Dataset entries
(* Let $n\ge4$ be even, $p\ge n+1$ an integer, $c_1$ a positive integer, $a_k=pc_k$, $c_{k+1}=p^2c_k$, and let $T$, $I^{(j)}$, $I^{(j)}_i$ and $\lambda_k$ be as in the context. Then for every odd $k$ with $3\le k\le n-1$ and every $j\ge1$: (1) $\dfrac{\lambda_k(I^{(j)}_k)}{\lambda_k(I^{(j)})}>\dfrac12$; (2) $\dfrac{\lambda_k\bigl(\bigcup_{2\le i\le n-1,\ i\ne k}I^{(j)}_i\bigr)}{\lambda_k(I^{(j)})}<\dfrac{n}{2c_j}$.
   Context: $\pi$ is the permutation of $\{1,\dots,n\}$ with top row $1,2,\dots,n$ and bottom row $n,3,2,5,4,\dots,n-1,n-2,1$. Right Rauzy induction: step ''0'' when the rightmost domain (top) interval is longer, ''1'' when the rightmost image (bottom) interval is longer. For $a,c>0$, $\dot\gamma_{m,a}=1^{n-1-m}0^a10^2$, $\gamma_{a,c}=0\,\dot\gamma_{n-2,a}\cdots\dot\gamma_{2,a}\,1^{c(n-1)}$; its transition matrix $\Theta_{a,c}$ (old lengths $=\Theta_{a,c}\cdot$new lengths) has row $1=(1,c,\dots,c)$, row $n=(1,c+1,\dots,c+1)$, and for $1\le i\le(n-2)/2$: row $2i$ has $0$ in column 1, $2$ in columns $2i,2i+1$, $1$ in the other columns among $2,\dots,n$; row $2i+1$ has $a$ in column $2i$, $a+1$ in column $2i+1$, $0$ elsewhere. $\Theta_k=\Theta_{a_k,c_k}$. $T$ is an IET of $[0,1)$ with permutation $\pi$ whose right Rauzy induction path is $\gamma_{a_1,c_1}\gamma_{a_2,c_2}\cdots$; $I^{(j)}$ is the interval on which the induced map lives after the first $j$ blocks and $I^{(j)}_1,\dots,I^{(j)}_n$ its exchanged subintervals; lengths satisfy $\ell^{(j-1)}=\Theta_j\ell^{(j)}$. For $v\ge0$, $|v|$ is the sum of entries and $\overline v=v/|v|$. $\lambda_k$ denotes the $T$-invariant Borel probability measure such that for every $j\ge0$, $(\lambda_k(I^{(j)}_i))_i$ is a positive multiple of $\lim_{m\to\infty}\overline{\Theta_{j+1}\cdots\Theta_me_k}$. *)

From HB Require Import structures.
From mathcomp Require Import all_boot all_order all_algebra.
From mathcomp Require Import all_classical all_reals all_analysis.
Set Implicit Arguments. Unset Strict Implicit. Unset Printing Implicit Defensive.
Import Order.TTheory GRing.Theory Num.Theory.
Import numFieldNormedType.Exports.
Local Open Scope classical_set_scope.
Local Open Scope ring_scope.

:: Work instruction ::
Wherever the string "Import" appears in a line above, copy that line.

:: Exercise response ::
From HB Require Import structures.
From mathcomp Require Import all_boot all_order all_algebra.
From mathcomp Require Import all_classical all_reals all_analysis.
Import Order.TTheory GRing.Theory Num.Theory.
Import numFieldNormedType.Exports.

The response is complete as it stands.